Here's an example, just for illustration, of a complex filter that you could build with only four lines of CSDL code: imagine that you want to look at information from Twitter that mentions the iPad. Suppose you want to include content written in English or Spanish but exclude any other languages, select only content written within 100 kilometers of New York City, and exclude Tweets that have been retweeted fewer than five times. You can write that in just four lines of CSDL!

Filtering

CSDL allows you to:

  • define filtering conditions that specify what information your stream will include
  • augment the objects in the stream with data from third-party sites (for example, adding the author's gender)
  • augment the objects in the stream based on analysis of the content (for example, detecting positive or negative sentiment)
  • augment the objects in the result stream with metadata tags according to your own rules (for example, adding an "Apple" tag to objects that include mention of "iPad" or "Mac").

A simple filtering condition usually has three elements.

    target + operator + argument

The target shows DataSift where to look for the information you need. For example, the target might be the 140-character string containing a Tweet, the sentiment, positive or negative, expressed in some Myspace content, or the language in which a post is written.

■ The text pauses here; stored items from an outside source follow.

(* Let $\mu$ be a log-concave probability measure on $\mathbb R^n$, let $\psi$ be a convex function on $\mathbb R^n$ (with $\psi\in L_1(\mu)$) and let $m$ be a median of $\psi$ with respect to $\mu$. Then $$\mu\Big(\Big\{x:\psi(x)<m-t\int|\psi-m|\,d\mu\Big\}\Big)\leqslant\frac12\exp(-t/16)$$ for all $t>0$. *)

From HB Require Import structures.
From mathcomp Require Import all_boot all_order all_algebra.
From mathcomp Require Import all_classical all_reals all_analysis.
Set Implicit Arguments. Unset Strict Implicit. Unset Printing Implicit Defensive.
Import Order.TTheory GRing.Theory Num.Theory.
Import numFieldNormedType.Exports.
Local Open Scope classical_set_scope.
Local Open Scope ring_scope.

(* R^n as row vectors with the usual (product) topology, equipped with the
   Borel sigma-algebra (generated by the open sets). *)
Definition Rn (R : realType) (n : nat) : Type :=
  g_sigma_algebraType (@open 'rV[R]_n).

HB.instance Definition _ (R : realType) (n : nat) :=
  Measurable.on (Rn R n).

Definition mink_comb (R : realType) (n : nat) (l : R) (A B : set 'rV[R]_n)
  : set 'rV[R]_n :=
  [set l *: a + (1 - l) *: b | a in A & b in B].

(* Borell's definition of a log-concave measure: for all compact A, B and
   0 < l < 1,  mu(l A + (1-l) B) >= mu(A)^l mu(B)^(1-l). *)
Definition log_concave (R : realType) (n : nat)
  (mu : probability (Rn R n) R) : Prop :=
  forall (l : R) (A B : set 'rV[R]_n), 0 < l < 1 ->
    compact A -> compact B ->
    (fine (mu A)) `^ l * (fine (mu B)) `^ (1 - l)
      <= fine (mu (mink_comb l A B)).

Definition convex_fun (R : realType) (n : nat) (psi : 'rV[R]_n -> R) : Prop :=
  forall (x y : 'rV[R]_n) (l : R), 0 <= l <= 1 ->
    psi (l *: x + (1 - l) *: y) <= l * psi x + (1 - l) * psi y.

Definition is_median (R : realType) (n : nat) (mu : probability (Rn R n) R)
  (psi : 'rV[R]_n -> R) (m : R) : Prop :=
  ((1 / 2)%:E <= mu [set x | (psi x <= m)%R])%E /\
  ((1 / 2)%:E <= mu [set x | (m <= psi x)%R])%E.

From HB Require Import structures.
From mathcomp Require Import all_boot all_order all_algebra.
From mathcomp Require Import all_classical all_reals all_analysis.
From mathcomp Require Import measurable_realfun ring lra.
Import Order.TTheory GRing.Theory Num.Theory.
Import numFieldNormedType.Exports.
Local Open Scope classical_set_scope.
Local Open Scope ring_scope.

(* A convex function on R^n is continuous, so its sublevel sets are closed and
   can be exhausted by compact sets, on which log-concavity applies.  Put
   D = \int |psi - m| and lam = 9 / (2t + 9).  By Markov's inequality
   mu{psi <= m + 4D} >= 3/4 > 7/10, and by convexity
   lam {psi <= m - tD} + (1 - lam) {psi <= m + 4D} lies in {psi < m}, whose
   measure is at most 1/2 because m is a median.  Log-concavity then gives
   mu{psi <= m - tD}^lam (7/10)^(1 - lam) <= 1/2, and this forces
   mu{psi <= m - tD} <= exp(-t/16) / 2.  If D = 0, then psi = m almost
   everywhere and {psi < m} is null. *)

Section convex_fun_theory.
Context {R : realType} {n : nat} {psi : 'rV[R]_n -> R}.
Hypothesis psi_cvx : convex_fun psi.

Lemma convex_fun_comb (a b : R) (x y : 'rV[R]_n) : 0 <= a -> 0 <= b -> a + b = 1 ->
  psi (a *: x + b *: y) <= a * psi x + b * psi y.
Proof.
move=> a0 b0 ab1; have -> : b = 1 - a by rewrite -ab1 addrAC subrr add0r.
by apply: psi_cvx; rewrite a0 /=; lra.
Qed.

Lemma convex_fun_avg k (y : 'I_k -> 'rV[R]_n) : (0 < k)%N ->
  psi (k%:R^-1 *: \sum_i y i) <= k%:R^-1 * \sum_i psi (y i).
Proof.
elim: k y => [//|[|k] IHk] y _; first by rewrite !big_ord1 invr1 scale1r mul1r.
rewrite big_ord_recr [X in _ <= _ * X]big_ord_recr /=.
set S := \sum_(i < k.+1) _; set T := \sum_(i < k.+1) _.
have k1_gt0 : 0 < k.+1%:R :> R by rewrite ltr0n.
have k2_gt0 : 0 < k.+2%:R :> R by rewrite ltr0n.
have -> : k.+2%:R^-1 *: (S + y ord_max) =
    (k.+1%:R / k.+2%:R) *: (k.+1%:R^-1 *: S) + k.+2%:R^-1 *: y ord_max.
  by rewrite scalerDr scalerA mulrAC mulfV ?mul1r ?gt_eqF.
apply: le_trans (convex_fun_comb _ _ _ _ _ _ _) _.
- by rewrite divr_ge0 ?ltW.
- by rewrite invr_ge0 ltW.
- by rewrite -[X in _ + X]mul1r -mulrDl natr1 mulfV ?gt_eqF.
rewrite mulrDr lerD2r; apply: le_trans (ler_wpM2l _ (IHk _ isT)) _.
  by rewrite divr_ge0 ?ltW.
by rewrite -/T mulrA [X in X * T]mulrAC mulfV ?gt_eqF // mul1r.
Qed.

Lemma convex_fun_le_max (x v : 'rV[R]_n) (a : R) : `|a| <= 1 ->
  psi (x + a *: v) <= Num.max (psi (x + v)) (psi (x - v)).
Proof.
rewrite ler_norml => /andP[a_ge a_le].
have -> : x + a *: v = ((1 + a) / 2) *: (x + v) + ((1 - a) / 2) *: (x - v).
  by apply/rowP => j; rewrite !mxE; field.
apply: le_trans (convex_fun_comb _ _ _ _ _ _ _) _; [lra | lra | by field |].
set M := Num.max _ _.
have le_M1 : psi (x + v) <= M by rewrite le_max lexx.
have le_M2 : psi (x - v) <= M by rewrite le_max lexx orbT.
have : 0 <= (1 + a) / 2 by lra.
have : 0 <= (1 - a) / 2 by lra.
nra.
Qed.

Lemma convex_fun_cube_bounded (x : 'rV[R]_n) :
  exists M, forall h : 'rV[R]_n, (forall j, `|h ord0 j| <= 1) -> psi (x + h) <= M.
Proof.
have [n0|n_gt0] := posnP n.
  exists (psi x) => h _; suff -> : h = 0 by rewrite addr0.
  by apply/rowP => i; have := ltn_ord i; rewrite {2}n0.
pose N : R := n%:R; pose e (i : 'I_n) : 'rV[R]_n := delta_mx 0 i.
pose F i := `|psi (x + N *: e i)| + `|psi (x - N *: e i)|.
exists (\sum_i F i) => h h_le1.
have N_gt0 : 0 < N by rewrite ltr0n.
have le_sumF j : F j <= \sum_i F i.
  by rewrite (bigD1 j) //= lerDl sumr_ge0 // => i _; rewrite addr_ge0.
(* [x + h] is the barycentre of the points [x + N h_i e_i], each of which lies on
   the segment [x - N e_i, x + N e_i]. *)
have -> : x + h = N^-1 *: \sum_i (x + (h 0 i) *: (N *: e i)).
  rewrite big_split /= sumr_const card_ord -scaler_nat scalerDr scalerA.
  rewrite mulVf ?gt_eqF // scale1r scaler_sumr; congr (_ + _).
  rewrite [LHS]row_sum_delta; apply: eq_bigr => i _.
  by rewrite !scalerA mulrCA mulVf ?gt_eqF // mulr1.
apply: le_trans (convex_fun_avg _ _ n_gt0) _.
apply: le_trans (_ : N^-1 * \sum_(i < n) \sum_j F j <= _); last first.
  by rewrite sumr_const card_ord -mulr_natr mulrCA mulVf ?gt_eqF // mulr1.
apply: ler_wpM2l; first by rewrite invr_ge0 ltW.
apply: ler_sum => i _; apply: le_trans (le_sumF i).
apply: le_trans (convex_fun_le_max _ _ _ (h_le1 i)) _.
rewrite ge_max; apply/andP; split; apply: le_trans (ler_norm _) _.
  by rewrite lerDl.
by rewrite lerDr.
Qed.
(* Minkowski's inequality for the [l_2]-valued function [x |-> (h_n x)_n]. *)
Lemma mean_l2_le M o N (h : nat -> (nat -> R) -> R) th :
  (forall n, buc (h n)) -> (forall n x, 0 <= h n x) ->
  sqrt (fsum Rplus 0 N (fun n => mean M o (h n) th ^ 2))
  <= mean M o (fun x => sqrt (fsum Rplus 0 N (fun n => h n x ^ 2))) th.
Proof.
  intros G P.
  assert (GS : buc (fun x => sqrt (fsum Rplus 0 N (fun n => h n x ^ 2)))).
  { apply buc_sqrt; [apply buc_fsum; intros; apply buc_pow; auto|].
    intros; apply fsum_nonneg; intros; apply pow2_ge_0. }
  set (S := sqrt (fsum Rplus 0 N (fun n => mean M o (h n) th ^ 2))).
  assert (HS : S * S = fsum Rplus 0 N (fun n => mean M o (h n) th ^ 2))
    by (apply sqrt_sqrt, fsum_nonneg; intros; apply pow2_ge_0).
  assert (S0 : 0 <= S) by apply sqrt_pos. destruct S0 as [Sp|Sz].
  2:{ rewrite <- Sz. apply mean_ge0; auto. intros; apply sqrt_pos. }
  (* test the vector [(h_n x)_n] against the unit vector [(E h_n)_n / S] *)
  assert (HE : mean M o (fun x => fsum Rplus 0 N (fun n => mean M o (h n) th * h n x)) th
               <= mean M o (fun x => S * sqrt (fsum Rplus 0 N (fun n => h n x ^ 2))) th).
  { apply mean_le; [apply buc_fsum; intros; apply buc_scal; auto | apply buc_scal; auto |].
    intros x. apply fsum_cauchy_schwarz. }
  rewrite mean_fsum, mean_scal in HE by (auto; intros; apply buc_scal; auto).
  rewrite (fsum_ext _ _ _ _ (fun n => mean M o (h n) th ^ 2)) in HE
    by (intros n; rewrite mean_scal by auto; ring).
  rewrite <- HS in HE. apply Rmult_le_reg_l with S; auto.
Qed.

Lemma stein_multi_succ_lin k N o a th th' :
  (forall l, (l < o \/ o + N <= l)%nat -> th' l = th l) ->
  stein_multi (S k) N o a th'
  = stein_lin (fun n => stein_multi k N (o + N) (fun i => a (ncons n i)) th) o N th'.
Proof.
  intros Hout. rewrite stein_multi_succ. unfold stein_lin. apply fsum_ext_lt. intros n Hn.
  rewrite Cmult_comm. f_equal. apply stein_multi_local. intros l Hl. apply Hout. lia.
Qed.
(* Let $\mathcal{G}$ be a reaction network with species $X_1,\dots,X_n$ and reactions $\mathbf{y}\to\mathbf{y}'$ ($\mathbf{y},\mathbf{y}'\in\mathbb{Z}^n_{\ge 0}$, $\mathbf{y}\neq\mathbf{y}'$). For every choice of $n$ distinct reactions $\mathbf{y}_1\to\mathbf{y}'_1,\dots,\mathbf{y}_n\to\mathbf{y}'_n$ of $\mathcal{G}$ consider the number $$P=\det(\mathbf{y}_1,\dots,\mathbf{y}_n)\,\det(\mathbf{y}'_1-\mathbf{y}_1,\dots,\mathbf{y}'_n-\mathbf{y}_n),$$ where the determinants are of the $n\times n$ matrices with the indicated columns. Then $\mathcal{G}$ is injective if and only if all such numbers $P$ that are nonzero have the same sign and at least one of them is nonzero.
   Context: A reaction network with species $X_1,\dots,X_n$ is a finite set of reactions $\mathbf{y}\to\mathbf{y}'$ with $\mathbf{y}\ne\mathbf{y}'\in\mathbb{Z}^n_{\ge0}$ (the vectors of stoichiometric coefficients of reactants and products). Given rate constants $\mathbf{k}=(k_{\mathbf{y}\to\mathbf{y}'})$, all positive, the mass-action vector field is $\mathbf{f}(\mathbf{x},\mathbf{k})=\sum_{\mathbf{y}\to\mathbf{y}'}k_{\mathbf{y}\to\mathbf{y}'}\mathbf{x}^{\mathbf{y}}(\mathbf{y}'-\mathbf{y})$ for $\mathbf{x}\in\mathbb{R}^n_{>0}$, where $\mathbf{x}^{\mathbf{y}}=x_1^{y_1}\cdots x_n^{y_n}$. The network is called injective if for every choice of positive rate constants $\mathbf{k}$ the map $\mathbf{x}\mapsto\mathbf{f}(\mathbf{x},\mathbf{k})$ is injective on $\mathbb{R}^n_{>0}$. *)

From HB Require Import structures.
From mathcomp Require Import all_boot all_order all_algebra.
From mathcomp Require Import reals.
Set Implicit Arguments. Unset Strict Implicit. Unset Printing Implicit Defensive.
Import Order.TTheory GRing.Theory Num.Theory.
Local Open Scope ring_scope.

(* A reaction y -> y' on n species: pair (reactant vector y, product vector y'),
   vectors in Z_{>=0}^n represented as row vectors of naturals. *)
Definition reaction (n : nat) := ('rV[nat]_n * 'rV[nat]_n)%type.

(* A reaction network with m reactions: an injective family G : 'I_m -> reaction n
   (i.e. a finite set of m reactions) with y != y' for each reaction. *)
Definition is_network (n m : nat) (G : 'I_m -> reaction n) : Prop :=
  injective G /\ forall r, (G r).1 != (G r).2.

Definition monom (R : comNzRingType) (n : nat) (x : 'rV[R]_n) (y : 'rV[nat]_n) : R :=
  \prod_(j < n) x 0 j ^+ y 0 j.

Definition rvec (R : comNzRingType) (n : nat) (r : reaction n) : 'rV[R]_n :=
  \row_j ((r.2 0 j)%:R - (r.1 0 j)%:R).

Definition mass_action (R : comNzRingType) (n m : nat) (G : 'I_m -> reaction n)
  (k : 'I_m -> R) (x : 'rV[R]_n) : 'rV[R]_n :=
  \sum_(r < m) (k r * monom x (G r).1) *: @rvec R n (G r).

Definition pos_orthant (R : realType) (n : nat) : pred 'rV[R]_n :=
  [pred x : 'rV[R]_n | [forall j : 'I_n, 0 < x 0 j]].

Definition injective_network (R : realType) (n m : nat) (G : 'I_m -> reaction n)
  : Prop :=
  forall k : 'I_m -> R, (forall r, 0 < k r) ->
    {in @pos_orthant R n &, injective (@mass_action R n m G k)}.

Definition Pdet (n m : nat) (G : 'I_m -> reaction n) (s : 'I_n -> 'I_m) : int :=
  \det (\matrix_(i < n, j < n) ((G (s j)).1 0 i)%:Z)
  * \det (\matrix_(i < n, j < n) (@rvec int n (G (s j)) 0 i)).

From HB Require Import structures.
From mathcomp Require Import all_boot all_order all_algebra perm.
From mathcomp Require Import reals ring lra.
From mathcomp.analysis Require Import sequences exp.
Import Order.TTheory GRing.Theory Num.Theory.
Set Implicit Arguments. Unset Strict Implicit. Unset Printing Implicit Defensive.
Local Open Scope ring_scope.

(* Write f(x) = sum_r k_r x^{y_r} (y'_r - y_r).  Any two positive points are
   x and x e^d with d = ln x' - ln x, and the exact identity
     f(x e^d) - f(x) = d (A_w B),   w_r = k_r x^{y_r} (e^{<d,y_r>} - 1)/<d,y_r>,
   holds, where A_w has columns w_r y_r and B has rows y'_r - y_r.  Since every
   positive w arises this way, the network is injective iff det (A_w B) != 0
   for all positive weights w (injective_networkP).
   Expanding the determinant over all maps f : [n] -> [m] gives
     n! det (A_w B) = F(w) := sum_f (prod_i w_{f i}) Pdet f   (Pdet_sum_det).
   Finally F has no zero on positive weights iff the nonzero Pdet share a
   sign and one exists (Pdet_sum_neq0P): one direction because all terms of F
   then have that sign; the other because each nonzero Pdet s is realised as
   the sign of F by concentrating the weights on the reactions of s, and F,
   being polynomial, cannot change sign without vanishing in between. *)

Definition positive_weights (R : numDomainType) (m : nat) (w : 'I_m -> R) : Prop :=
  forall r, 0 < w r.

Section DeterminantExpansions.
Variables (R : comPzRingType) (n : nat).

Lemma det_permute_cols (A : 'M[R]_n) (s : {perm 'I_n}) :
  \det (\matrix_(i, j) A i (s j)) = (-1) ^+ s * \det A.
Proof.
have -> : \matrix_(i, j) A i (s j) = col_perm s A by apply/matrixP => i j; rewrite !mxE.
by rewrite col_permE det_mulmx det_perm odd_permV mulrC.
Qed.

Lemma det_permute_rows (A : 'M[R]_n) (s : {perm 'I_n}) :
  \det (\matrix_(i, j) A (s i) j) = (-1) ^+ s * \det A.
Proof.
have -> : \matrix_(i, j) A (s i) j = row_perm s A by apply/matrixP => i j; rewrite !mxE.
by rewrite row_permE det_mulmx det_perm.
Qed.

(* Expansion of det (A B) for a product through an m-dimensional space, summed
   over all maps f : [n] -> [m] (non-injective f contribute zero; grouping the
   injective ones by image gives the Cauchy-Binet formula). *)
Lemma det_mulmx_ffun (m : nat) (A : 'M[R]_(n, m)) (B : 'M[R]_(m, n)) :
  \det (A *m B) = \sum_(f : {ffun 'I_n -> 'I_m})
     (\prod_i A i (f i)) * \det (\matrix_(i, j) B (f i) j).
Proof.
rewrite /determinant.
transitivity (\sum_(s : 'S_n) \sum_(f : {ffun 'I_n -> 'I_m})
   (-1) ^+ s * ((\prod_i A i (f i)) * \prod_i B (f i) (s i))).
  apply: eq_bigr => s _; rewrite -big_distrr /=; congr (_ * _).
  under eq_bigr do rewrite mxE.
  by rewrite bigA_distr_bigA /=; apply: eq_bigr => f _; rewrite big_split.
rewrite exchange_big; apply: eq_bigr => f _ /=; rewrite big_distrr /=.
apply: eq_bigr => s _; rewrite mulrCA; congr (_ * (_ * _)).
by apply: eq_bigr => i _; rewrite mxE.
Qed.

End DeterminantExpansions.

Section PdetCombinatorics.
Variables (n m : nat) (G : 'I_m -> reaction n).

Lemma eq_Pdet (s t : 'I_n -> 'I_m) : s =1 t -> Pdet G s = Pdet G t.
Proof.
by move=> st; rewrite /Pdet; congr (_ * _); congr (\det _); apply/matrixP => i j;
  rewrite !mxE st.
Qed.

(* A choice with a repeated reaction has two equal columns, so Pdet vanishes. *)
Lemma Pdet_neq0_inj (s : 'I_n -> 'I_m) : Pdet G s != 0 -> injective s.
Proof.
move=> nz i j sij; apply/eqP; apply: contraNT nz => ij.
rewrite /Pdet -det_tr (@determinant_alternate _ _ _ i j) ?mul0r //.
by move=> k; rewrite !mxE sij.
Qed.

(* Reordering the chosen reactions changes both determinants by the same sign. *)
Lemma Pdet_perm (s : 'I_n -> 'I_m) (p : {perm 'I_n}) :
  Pdet G (fun j => s (p j)) = Pdet G s.
Proof.
rewrite /Pdet.
have -> : \matrix_(i, j) ((G (s (p j))).1 0 i)%:Z =
   \matrix_(i, j) (\matrix_(i, j) ((G (s j)).1 0 i)%:Z) i (p j)
  by apply/matrixP => i j; rewrite !mxE.
have -> : \matrix_(i, j) (@rvec int n (G (s (p j))) 0 i) =
   \matrix_(i, j) (\matrix_(i, j) (@rvec int n (G (s j)) 0 i)) i (p j)
  by apply/matrixP => i j; rewrite !mxE.
by rewrite !det_permute_cols mulrACA -expr2 sqrr_sign mul1r.
Qed.

Lemma Pdet_codom (s : 'I_n -> 'I_m) (f : 'I_n -> 'I_m) :
  injective s -> (forall i, f i \in codom s) ->
  Pdet G f = 0 \/ Pdet G f = Pdet G s.
Proof.
move=> sinj fs; have [->|nf] := eqVneq (Pdet G f) 0; [by left | right].
have finj := Pdet_neq0_inj nf.
pose g i := iinv (fs i).
have ginj : injective g.
  move=> i j e; apply: finj; rewrite -(f_iinv (fs i)) -(f_iinv (fs j)).
  by congr (s _); exact: e.
rewrite -(Pdet_perm s (perm ginj)); apply: eq_Pdet => i.
by rewrite permE /g f_iinv.
Qed.

End PdetCombinatorics.

Section Expansion.
Variables (R : comNzRingType) (n m : nat) (G : 'I_m -> reaction n).

Definition reactant_mx (w : 'I_m -> R) : 'M[R]_(n, m) :=
  \matrix_(i, r) (w r * ((G r).1 0 i)%:R).

Definition reaction_mx : 'M[R]_(m, n) := \matrix_(r, j) (@rvec R n (G r) 0 j).

Definition Pdet_sum (w : 'I_m -> R) : R :=
  \sum_(f : {ffun 'I_n -> 'I_m}) (\prod_i w (f i)) * (Pdet G f)%:~R.

(* Contribution of a map g to det (reactant_mx w *m reaction_mx), without the
   weight: the diagonal product of reactant entries times the minor of the
   reaction matrix on the rows g. *)
Definition minor_term (g : {ffun 'I_n -> 'I_m}) : R :=
  (\prod_i ((G (g i)).1 0 i)%:R) * \det (\matrix_(i, j) reaction_mx (g i) j).

Lemma det_reactant_reaction (w : 'I_m -> R) :
  \det (reactant_mx w *m reaction_mx) =
  \sum_(g : {ffun 'I_n -> 'I_m}) (\prod_i w (g i)) * minor_term g.
Proof.
rewrite det_mulmx_ffun; apply: eq_bigr => g _.
rewrite /minor_term mulrA -big_split /=; congr (_ * _).
by apply: eq_bigr => i _; rewrite mxE.
Qed.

The operator defines the comparison Datasift should make. For example, it might search for Tweets from authors who have at least 100 followers. The operator here would be greater than. It might search for a Tweet that mentions football. The operator in this case would be contains. Or it might search for messages that include geographical information. This would employ the exists operator.

More complex filters can be built by combining simple filters using the logical operators: AND, OR, and NOT.

Once a result stream has been defined through a filter, you can reuse it as part of the definition of another stream by using the stream keyword to combine it with further filtering conditions.

The argument can be any value, as long as the type of the argument matches the type of the target.

NoteCSDL allows you to create large and powerful filters. Each one can be up to 1MB.

Tagging

Tagging, enabled by DataSift VEDO, allow you to add your own metadata to interactions. For example, brokers monitoring a set of stocks could filter for the names of any of the companies involved and add the appropriate stock ticker as a tag.

Adding tags based on conditional rules gives you the power to code business rules directly into your CSDL code. Since you are free to choose your own tags, you can build taxonomies to fit your business, specific to the problem you're working on. Tags allow you to deliver interactions with custom metadata to your applications.